Les services de santé britanniques étant étatisés, ils ne peuvent offrir plus que le budget alloué,
Le système concurrentiel américain est le plus inflationniste car, pour capter la clientèle aisée, les
compagnies doivent surenchérir sur l’étendue de la couverture et la liberté de choix laissée au
malade, et dépenser des fortunes en publicité.
L’Etat français qui est régulateur (à travers la sécurité sociale) et offreur (hôpital) a des leviers de
contrôle mais insuffisants pour empêcher l’inflation des dépenses.
Dans tous les cas, les méthodes de contrôle sont identiques : limiter la faculté de choix du patient et
plafonner les dépenses par affection ou/et par malade
- déremboursement total ou partiel (ticket modérateur), montant fixe par acte, forfait hospitalier,
pour réintroduire une régulation par le prix ;
- médecin référent pour décider des consultations, analyses et interventions sans laisser le malade
faire lui-même son propre « marché » (France) ;
- limitation du choix : l’assureur devient offreur de soins (Health Maintenance Organizations –
HMO – des compagnies américaines), si l’on accepte de se soigner dans le réseau, la cotisation est
plus faible (cela revient au modèle britannique : le médecin se voit attribué un certain nombre
d’habitants) ;
- fixation d’un budget par affection (Allemagne) ;
- limitation du nombre de médecins (numerus clausus), mais la pénurie de personnel menace.
Extrait 3
Faut-il réduire les dépenses de santé ?
Dans les pays où la santé est une consommation collective, la chasse aux dépenses est présentée comme une évidence, le
débat se réduit à une interrogation apparemment objective : l’effort actuel étant donné, comment dépenser moins ? La
santé étant un « coût », il est par définition souhaitable de réduire.
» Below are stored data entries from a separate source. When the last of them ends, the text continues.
(* Let $\mathcal{X},\mathcal{Y}$ be finite, $P_X$ a distribution, $P_{Y|X}$ a channel, $P_{XY}=P_XP_{Y|X}$ with $\mathcal{Y}$-marginal $P_Y$, and $R>I(P_X,P_{Y|X})>0$. Define \[ \alpha(R,P_X,P_{Y|X})=\min_{Q_{XY}}\Big\{D(Q_{XY}\|P_{XY})+\tfrac12\big[R-D(Q_{XY}\|P_XQ_Y)\big]_+\Big\}, \] \[ \beta(R,P_X,P_{Y|X})=\max_{\lambda\ge0}\max_{\lambda'\le1}\Big\{\frac{\lambda}{2\lambda+1-\lambda'}\Big(R-(1-\lambda')D_{1+\lambda}(P_{XY}\|P_XP_Y)-\lambda'\widetilde D_{1+\lambda'}(P_{XY}\|P_XP_Y)\Big)\Big\}. \] Then $\alpha(R,P_X,P_{Y|X})\ge\beta(R,P_X,P_{Y|X})$.
   Context: $Q_Y$ is the $\mathcal{Y}$-marginal of $Q_{XY}$, $[f]_+=\max\{0,f\}$, $D$ is relative entropy. With $(X,Y)\sim P_{XY}$ and information density $\imath_{X;Y}(x;y)=\log\frac{P_{Y|X}(y|x)}{P_Y(y)}$: $D_{1+\lambda}(P_{XY}\|P_XP_Y)=\frac1\lambda\log\mathbb{E}[\exp(\lambda\,\imath_{X;Y}(X;Y))]$ (the Rényi divergence of order $1+\lambda$; at $\lambda=0$ it equals the mutual information), and $\widetilde D_{1+\lambda'}(P_{XY}\|P_XP_Y)=\frac{2}{\lambda'}\log\mathbb{E}\big[\mathbb{E}^{1/2}[\exp(\lambda'\,\imath_{X;Y}(X;Y))\mid Y]\big]$, so that $\lambda'\widetilde D_{1+\lambda'}=2\log\mathbb{E}\big[\mathbb{E}^{1/2}[\exp(\lambda'\imath_{X;Y}(X;Y))|Y]\big]$. Logs and exps use a common base. *)

From HB Require Import structures.
From mathcomp Require Import all_boot all_order all_algebra.
From mathcomp Require Import reals.
From mathcomp.analysis Require Import sequences exp.
Set Implicit Arguments. Unset Strict Implicit. Unset Printing Implicit Defensive.
Import Order.TTheory GRing.Theory Num.Theory.
Local Open Scope ring_scope.

Section InfoDefs.
Variables (R : realType) (X Y : finType).

(* relative entropy D(Q||P) on a finite set, with 0 log 0 = 0;
   only used when Q << P (support of Q inside support of P) *)
Definition relent (T : finType) (Q P : T -> R) : R :=
  \sum_(t | Q t != 0) Q t * ln (Q t / P t).

Definition PXY (PX : X -> R) (W : X -> Y -> R) (p : X * Y) : R :=
  PX p.1 * W p.1 p.2.

Definition margY (Q : X * Y -> R) (y : Y) : R := \sum_(x : X) Q (x, y).

Definition prodXY (PX : X -> R) (QY : Y -> R) (p : X * Y) : R := PX p.1 * QY p.2.

Definition MI (PX : X -> R) (W : X -> Y -> R) : R :=
  relent (PXY PX W) (prodXY PX (margY (PXY PX W))).

Definition idens (PX : X -> R) (W : X -> Y -> R) (p : X * Y) : R :=
  ln (W p.1 p.2 / margY (PXY PX W) p.2).

Definition renyiD (PX : X -> R) (W : X -> Y -> R) (lam : R) : R :=
  if lam == 0 then MI PX W
  else ln (\sum_(p | PXY PX W p != 0) PXY PX W p * expR (lam * idens PX W p)) / lam.

(* lam' * Dtilde_{1+lam'}(P_XY || P_X P_Y)
   = 2 log E[ E^{1/2}[exp(lam' i(X;Y)) | Y] ] *)
Definition lamDtilde (PX : X -> R) (W : X -> Y -> R) (lam' : R) : R :=
  let PY := margY (PXY PX W) in
  2 * ln (\sum_(y | PY y != 0) PY y *
            Num.sqrt (\sum_(x | PXY PX W (x, y) != 0)
                        PXY PX W (x, y) / PY y * expR (lam' * idens PX W (x, y)))).

Definition alpha_obj (PX : X -> R) (W : X -> Y -> R) (Rt : R) (Q : X * Y -> R) : R :=
  relent Q (PXY PX W)
  + 2^-1 * Num.max 0 (Rt - relent Q (prodXY PX (margY Q))).

Definition beta_obj (PX : X -> R) (W : X -> Y -> R) (Rt lam lam' : R) : R :=
  lam / (2 * lam + 1 - lam') *
  (Rt - (1 - lam') * renyiD PX W lam - lamDtilde PX W lam').

End InfoDefs.

From HB Require Import structures.
From mathcomp Require Import all_boot all_order all_algebra.
From mathcomp Require Import reals.
From mathcomp.analysis Require Import sequences exp.
From mathcomp Require Import lra ring.
Import Order.TTheory GRing.Theory Num.Theory.
Local Open Scope ring_scope.

(* Everything follows from the Gibbs variational inequality
   [E_q[f] - D(q||p) <= ln E_p[exp f]].  With [f = lam i] it gives
   [lam E_Q[i] - D(Q||P_XY) <= lam D_{1+lam}].  Applied for each [y] with
   [f = lam' i], and then once more to [Q_Y] against [P_Y] with the tilt
   [f = ln sqrt (S_y / P_Y(y))], where [S_y] is the conditional exponential
   moment, it gives [lam' E_Q[i] - D(Q||P_XY) - D(Q_Y||P_Y) <= lam' Dtilde_{1+lam'}].
   The chain rule [D(Q||P_X Q_Y) = D(Q||P_XY) + E_Q[i] - D(Q_Y||P_Y)] and
   [[x]_+ >= x] then turn [(1 - lam')] times the first bound plus [lam] times
   the second into [(2 lam + 1 - lam') beta_obj <= (2 lam + 1 - lam') alpha_obj]. *)

Section Gibbs.
Context {R : realType} {T : finType}.
Implicit Types (q p f s : T -> R).

Lemma mul_ln_div_le (a b : R) : 0 <= a -> 0 <= b -> (b = 0 -> a = 0) ->
  a * ln (b / a) <= b - a.
Proof.
move=> a0 b0 ba; have [->|an0] := eqVneq a 0; first by rewrite mul0r subr0.
have ag : 0 < a by rewrite lt_def an0 a0.
have bg : 0 < b by rewrite lt_def b0 andbT; apply: contra an0 => /eqP/ba ->.
have ln_le : ln (b / a) <= b / a - 1.
  have := @le_ln1Dx R (b / a - 1); rewrite addrCA subrr addr0; apply.
  by rewrite ltrBrDl subrr divr_gt0.
apply: le_trans (ler_wpM2l (ltW ag) ln_le) _.
by rewrite mulrBr mulr1 mulrCA divff ?mulr1.
Qed.

Lemma relentE q p : relent q p = \sum_t q t * ln (q t / p t).
Proof.
by rewrite /relent big_mkcond; apply: eq_bigr => t _; case: eqP => // ->; rewrite mul0r.
Qed.

Lemma gibbs_variational q p f :
  (forall t, 0 <= q t) -> (forall t, 0 <= p t) -> (forall t, p t = 0 -> q t = 0) ->
  \sum_t q t * (f t - ln (q t / p t)) <=
  (\sum_t q t) * ln ((\sum_(t | p t != 0) p t * expR (f t)) / \sum_t q t).
Proof.
move=> q0 p0 qp; set m := \sum_t q t; set S := \sum_(t | p t != 0) _.
have [m0|mn0] := eqVneq m 0.
  have qz t : q t = 0 by apply: (psumr_eq0P (P := xpredT)).
  by rewrite m0 mul0r big1 // => t _; rewrite qz mul0r.
have mg : 0 < m by rewrite lt_def mn0 sumr_ge0.
have pos_p t : q t != 0 -> 0 < p t.
  by move=> qn; rewrite lt_def p0 andbT; apply: contra qn => /eqP/qp ->.
have [t0 /andP[_ qt0]] : exists t, true && (0 < q t).
  by apply: psumr_neq0P => //; apply/eqP.
have Sg : 0 < S.
  have pt0 := pos_p t0 (lt0r_neq0 qt0).
  rewrite /S (bigD1 t0) ?lt0r_neq0 //= ltr_pwDl ?(mulr_gt0 pt0 (expR_gt0 _)) //.
  by apply: sumr_ge0 => t _; rewrite mulr_ge0 ?expR_ge0.
(* [b] is [p] tilted by [expR \o f] and rescaled to the mass [m] of [q]:
   termwise [q ln (b / q) <= b - q], and [b] and [q] both sum to [m]. *)
pose b t := (if p t != 0 then p t * expR (f t) else 0) * m / S.
have sum_b : \sum_t b t = m.
  by rewrite -!mulr_suml -big_mkcond -/S mulrAC divff ?mul1r // gt_eqF.
suff : \sum_t (q t * (f t - ln (q t / p t)) - q t * ln (S / m)) <= \sum_t (b t - q t).
  by rewrite !sumrB sum_b subrr -mulr_suml subr_le0.
apply: ler_sum => t _.
have [qz|qn] := eqVneq (q t) 0.
  rewrite qz !mul0r subr0 subr0 /b; case: ifP => _; last by rewrite !mul0r.
  by rewrite mulr_ge0 ?invr_ge0 ?mulr_ge0 ?expR_ge0 ?(ltW mg) ?(ltW Sg).
have pg := pos_p t qn; have qg : 0 < q t by rewrite lt_def qn q0.
have -> : q t * (f t - ln (q t / p t)) - q t * ln (S / m) = q t * ln (b t / q t).
  rewrite -mulrBr /b gt_eqF //.
  by rewrite !ln_div ?lnM ?expRK ?posrE ?mulr_gt0 ?divr_gt0 ?invr_gt0 ?expR_gt0 //; ring.
apply: mul_ln_div_le => //; first by rewrite /b gt_eqF // ltW // !divr_gt0 ?mulr_gt0 ?expR_gt0.
by rewrite /b gt_eqF // => /eqP; rewrite !mulf_eq0 !invr_eq0 !gt_eqF ?expR_gt0.
Qed.

Lemma gibbs_variational1 q p f :
  (forall t, 0 <= q t) -> (forall t, 0 <= p t) -> (forall t, p t = 0 -> q t = 0) ->
  \sum_t q t = 1 ->
  \sum_t q t * f t - relent q p <= ln (\sum_(t | p t != 0) p t * expR (f t)).
Proof.
move=> q0 p0 qp q1; rewrite relentE -sumrB; under eq_bigr do rewrite -mulrBr.
by have := gibbs_variational _ _ f q0 p0 qp; rewrite q1 mul1r divr1.
Qed.

Lemma relent_ge0 q p :
  (forall t, 0 <= q t) -> (forall t, 0 <= p t) -> (forall t, p t = 0 -> q t = 0) ->
  \sum_t q t = 1 -> \sum_t p t = 1 -> 0 <= relent q p.
Proof.
move=> q0 p0 qp q1 p1; have := gibbs_variational1 _ _ (fun=> 0) q0 p0 qp q1.
have -> : \sum_(t | p t != 0) p t * expR 0 = 1.
  rewrite -p1 [RHS](bigID (fun t => p t != 0)) /= [X in _ + X]big1 ?addr0 => [|t /negPn/eqP //].
  by apply: eq_bigr => t _; rewrite expR0 mulr1.
by rewrite big1 ?ln1 ?sub0r ?oppr_le0 // => t _; rewrite mulr0.
Qed.

Lemma ln_sqrtr (x : R) : 0 < x -> ln (Num.sqrt x) = ln x / 2.
Proof. by move=> x0; rewrite -{2}(sqr_sqrtr (ltW x0)) lnXn ?sqrtr_gt0 // mulr2n; field. Qed.

Lemma gibbs_variational_sqrt q p s :
  (forall t, 0 <= q t) -> (forall t, 0 <= p t) -> (forall t, p t = 0 -> q t = 0) ->
  \sum_t q t = 1 -> (forall t, p t != 0 -> 0 < s t) ->
  \sum_t q t * ln (s t / q t) - relent q p <=
  2 * ln (\sum_(t | p t != 0) p t * Num.sqrt (s t / p t)).
Proof.
move=> q0 p0 qp q1 s0.
have pos_p t : p t != 0 -> 0 < p t by move=> pn; rewrite lt_def pn p0.
have := gibbs_variational1 _ _ (fun t => ln (Num.sqrt (s t / p t))) q0 p0 qp q1.
have -> : \sum_(t | p t != 0) p t * expR (ln (Num.sqrt (s t / p t))) =
          \sum_(t | p t != 0) p t * Num.sqrt (s t / p t).
  by apply: eq_bigr => t pn; rewrite lnK ?posrE ?sqrtr_gt0 ?divr_gt0 ?s0 ?pos_p.
move=> /(ler_wpM2l (ler0n _ 2)); apply: le_trans; rewrite le_eqVlt; apply/orP; left.
rewrite relentE -!sumrB mulr_sumr; apply/eqP/eq_bigr => t _.
have [->|qn] := eqVneq (q t) 0; first by rewrite !mul0r subr0 mulr0.
have pn : p t != 0 by apply: contra qn => /eqP/qp ->.
have qg : 0 < q t by rewrite lt_def qn q0.
by rewrite ln_sqrtr ?divr_gt0 ?s0 ?pos_p // !ln_div ?posrE ?s0 ?pos_p //; field.
Qed.
End Gibbs.

Section Marginal.
Context {R : realType} {X Y : finType}.
Implicit Types (Q : X * Y -> R).

Lemma sum_pairYX Q : \sum_p Q p = \sum_y \sum_x Q (x, y).
Proof. by rewrite exchange_big pair_bigA /=; apply: eq_bigr => -[]. Qed.

Lemma sum_margY Q (F : Y -> R) : \sum_y margY Q y * F y = \sum_p Q p * F p.2.
Proof. by rewrite sum_pairYX; apply: eq_bigr => y _; rewrite mulr_suml. Qed.

Lemma margY_sum1 {Q} : \sum_p Q p = 1 -> \sum_y margY Q y = 1.
Proof. by rewrite sum_pairYX. Qed.

Lemma margY_ge0 {Q} : (forall p, 0 <= Q p) -> forall y, 0 <= margY Q y.
Proof. by move=> Q0 y; apply: sumr_ge0. Qed.

Lemma margY_gt0 {Q} x y : (forall p, 0 <= Q p) -> 0 < Q (x, y) -> 0 < margY Q y.
Proof.
move=> Q0 Qg; rewrite lt_def margY_ge0 // andbT; apply/eqP => /psumr_eq0P Qz.
by move: Qg; rewrite Qz ?ltxx.
Qed.

End Marginal.

Section Channel.
Context {R : realType} {X Y : finType}.
Variables (PX : X -> R) (W : X -> Y -> R).
Hypotheses (PX0 : forall x, 0 <= PX x) (PX1 : \sum_x PX x = 1).
Hypotheses (W0 : forall x y, 0 <= W x y) (W1 : forall x, \sum_y W x y = 1).
Variable Q : X * Y -> R.
Hypotheses (Q0 : forall p, 0 <= Q p) (Q1 : \sum_p Q p = 1).
Hypothesis QP : forall p, PXY PX W p = 0 -> Q p = 0.

Local Notation P := (PXY PX W).
Local Notation PY := (margY P).
Local Notation QY := (margY Q).
Local Notation i := (idens PX W).

Lemma PXY_ge0 p : 0 <= P p.
Proof. exact: mulr_ge0. Qed.

Lemma PXY_sum1 : \sum_p P p = 1.
Proof.
rewrite -PX1 -(pair_bigA _ (fun x y => PX x * W x y)) /=.
by apply: eq_bigr => x _; rewrite -mulr_sumr W1 mulr1.
Qed.

Lemma PXY_gt0 p : Q p != 0 -> 0 < P p.
Proof. by move=> Qn; rewrite lt_def PXY_ge0 andbT; apply: contra Qn => /eqP/QP ->. Qed.

Lemma margY_PXY_dominates y : PY y = 0 -> QY y = 0.
Proof.
move=> /eqP; apply: contraTeq => /eqP /(psumr_neq0P (fun x _ => Q0 (x, y))) [x /= Qg].
by rewrite gt_eqF // (margY_gt0 x y PXY_ge0) // PXY_gt0 // gt_eqF.
Qed.

Lemma relent_prodXY_margY :
  relent Q (prodXY PX QY) = relent Q P + \sum_p Q p * i p - relent QY PY.
Proof.
rewrite !relentE sum_margY -big_split -sumrB; apply: eq_bigr => -[x y] _ /=.
have [->|Qn] := eqVneq (Q (x, y)) 0; first by rewrite !mul0r subr0 addr0.
have Qg : 0 < Q (x, y) by rewrite lt_def Qn Q0.
have Pg := PXY_gt0 _ Qn.
have PXg : 0 < PX x by rewrite lt_def PX0 andbT; apply: contraTneq Pg => z;
  by rewrite /PXY /= z mul0r ltxx.
have Wg : 0 < W x y by rewrite lt_def W0 andbT; apply: contraTneq Pg => z;
  by rewrite /PXY /= z mulr0 ltxx.
have PYg := margY_gt0 x y PXY_ge0 Pg; have QYg := margY_gt0 x y Q0 Qg.
rewrite /idens /prodXY /PXY /= in PYg *.
by rewrite !ln_div ?lnM ?posrE ?mulr_gt0 ?divr_gt0 //; ring.
Qed.

Lemma relent_PXY_ge0 : 0 <= relent Q P.
Proof. exact: relent_ge0 Q0 PXY_ge0 QP Q1 PXY_sum1. Qed.

Lemma renyiD_ge lam : lam * (\sum_p Q p * i p) - relent Q P <= lam * renyiD PX W lam.
Proof.
rewrite /renyiD; have [->|lamn] := eqVneq lam 0.
  by rewrite !mul0r sub0r oppr_le0 relent_PXY_ge0.
rewrite [leRHS]mulrC divfK // mulr_sumr.
under eq_bigr do rewrite mulrCA.
exact: gibbs_variational1 Q0 PXY_ge0 QP Q1.
Qed.

Lemma lamDtilde_ge lam' :
  lam' * (\sum_p Q p * i p) - relent Q P - relent QY PY <= lamDtilde PX W lam'.
Proof.
pose S y := \sum_(x | P (x, y) != 0) P (x, y) * expR (lam' * i (x, y)).
have S_gt0 y : PY y != 0 -> 0 < S y.
  move=> /eqP/(psumr_neq0P (fun x _ => PXY_ge0 (x, y))) [x /= Pg].
  rewrite /S (bigD1 x) ?lt0r_neq0 //= ltr_pwDl ?(mulr_gt0 Pg (expR_gt0 _)) //.
  by apply: sumr_ge0 => x' _; rewrite mulr_ge0 ?expR_ge0 ?PXY_ge0.
have cond_gibbs : lam' * (\sum_p Q p * i p) - relent Q P <= \sum_y QY y * ln (S y / QY y).
  rewrite mulr_sumr relentE -sumrB sum_pairYX; apply: ler_sum => y _.
  under eq_bigr do rewrite mulrCA -mulrBr.
  exact: gibbs_variational (fun x => Q0 (x, y)) (fun x => PXY_ge0 (x, y)) (fun x => QP (x, y)).
have := gibbs_variational_sqrt _ _ S (margY_ge0 Q0) (margY_ge0 PXY_ge0)
  margY_PXY_dominates (margY_sum1 Q1) S_gt0.
have -> : lamDtilde PX W lam' = 2 * ln (\sum_(y | PY y != 0) PY y * Num.sqrt (S y / PY y)).
  rewrite /lamDtilde /=; congr (_ * ln _); apply: eq_bigr => y _; congr (_ * Num.sqrt _).
  by rewrite mulr_suml; apply: eq_bigr => x _; rewrite mulrAC.
lra.
Qed.

End Channel.

Lemma beta_le_alpha_of_bounds (R : realType) (Rt lam lam' r t D E DY : R) :
  0 <= lam -> lam' <= 1 -> 0 <= D ->
  lam * E - D <= lam * r -> lam' * E - D - DY <= t ->
  lam / (2 * lam + 1 - lam') * (Rt - (1 - lam') * r - t) <=
  D + 2^-1 * Num.max 0 (Rt - (D + E - DY)).
Proof.
move=> lam0 lam'1 D0 hr ht; set M := Num.max 0 _.
have M0 : 0 <= M by rewrite le_max lexx.
have MR : Rt - (D + E - DY) <= M by rewrite le_max lexx orbT.
have [->|lamn] := eqVneq lam 0.
  by rewrite !mul0r addr_ge0 // mulr_ge0 // invr_ge0.
have lamg : 0 < lam by rewrite lt_def lamn lam0.
have c0 : 0 < 2 * lam + 1 - lam' by lra.
rewrite mulrAC ler_pdivrMr //.
have h1 : 0 <= (1 - lam') * (lam * r - (lam * E - D)) by apply: mulr_ge0; lra.
have h2 : 0 <= lam * (t - (lam' * E - D - DY)) by apply: mulr_ge0; lra.
have h3 : 0 <= (1 - lam') * M by apply: mulr_ge0; lra.
have h4 : 0 <= lam * (M - (Rt - (D + E - DY))) by apply: mulr_ge0; lra.
nra.
Qed.

Theorem proposition3 (R : realType) (X Y : finType)
  (PX : X -> R) (W : X -> Y -> R) (Rt : R) :
  (forall x, 0 <= PX x) -> \sum_(x : X) PX x = 1 ->
  (forall x y, 0 <= W x y) -> (forall x, \sum_(y : Y) W x y = 1) ->
  0 < MI PX W -> MI PX W < Rt ->
  (* alpha >= beta : every value in the min is >= every value in the max *)
  forall Q : X * Y -> R,
    (forall p, 0 <= Q p) -> \sum_(p : X * Y) Q p = 1 ->
    (forall p, PXY PX W p = 0 -> Q p = 0) ->
  forall lam lam' : R, 0 <= lam -> lam' <= 1 ->
    beta_obj PX W Rt lam lam' <= alpha_obj PX W Rt Q.
Proof.
move=> PX0 PX1 W0 W1 _ _ Q Q0 Q1 QP lam lam' lam0 lam'1.
(* The bound holds for every [Rt]. *)
rewrite /alpha_obj (relent_prodXY_margY _ W) //.
apply: beta_le_alpha_of_bounds => //.
- exact: relent_PXY_ge0.
- exact: renyiD_ge.
- exact: lamDtilde_ge.
Qed.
En réalité, la question est entièrement normative : là où
la santé est marchande, le budget qu’y consacrent les ménages est vu comme un débouché, et à ce titre connoté positivement. Par une sorte d’inversion des valeurs, on tend donc à interpréter négativement la hausse des dépenses publiques
(qui seraient des coûts), et positivement celle des dépenses privées (qui seraient des richesses).
En comparant santé et automobile, on découvre une véritable perversion : l’essor de la voiture dont on sait les problèmes
qu’elle pose (accidents, pollution, encombrements) et les coûts tant privés (énorme poids du poste automobile dans le budget des ménages) que publics (santé, équipements, etc.) qu’elle génère, est jugée positivement car elle résulte d’un ensemble de décisions individuelles supposées libres (choix de consommation). Si les choix en matière de santé étaient marchands comme aux États-Unis, on verrait alors que dans leurs « fonctions d’utilité » les consommateurs lui accorderaient
plus de poids qu’à l’automobile. Les choix publics ont pour défaut d’empêcher la révélation des préférences, surtout si
l’on tient compte que l’automobile supprime des emplois, et que la santé en crée massivement, et de haut niveau.
La question devrait être : quel budget pour la santé ? Comment l’utiliser ? La voie publique permet une distribution plus
équitable des soins et un moindre coût, et la privée une meilleure révélation des préférences au prix d’une exclusion par
les prix et d’une inflation de la dépense.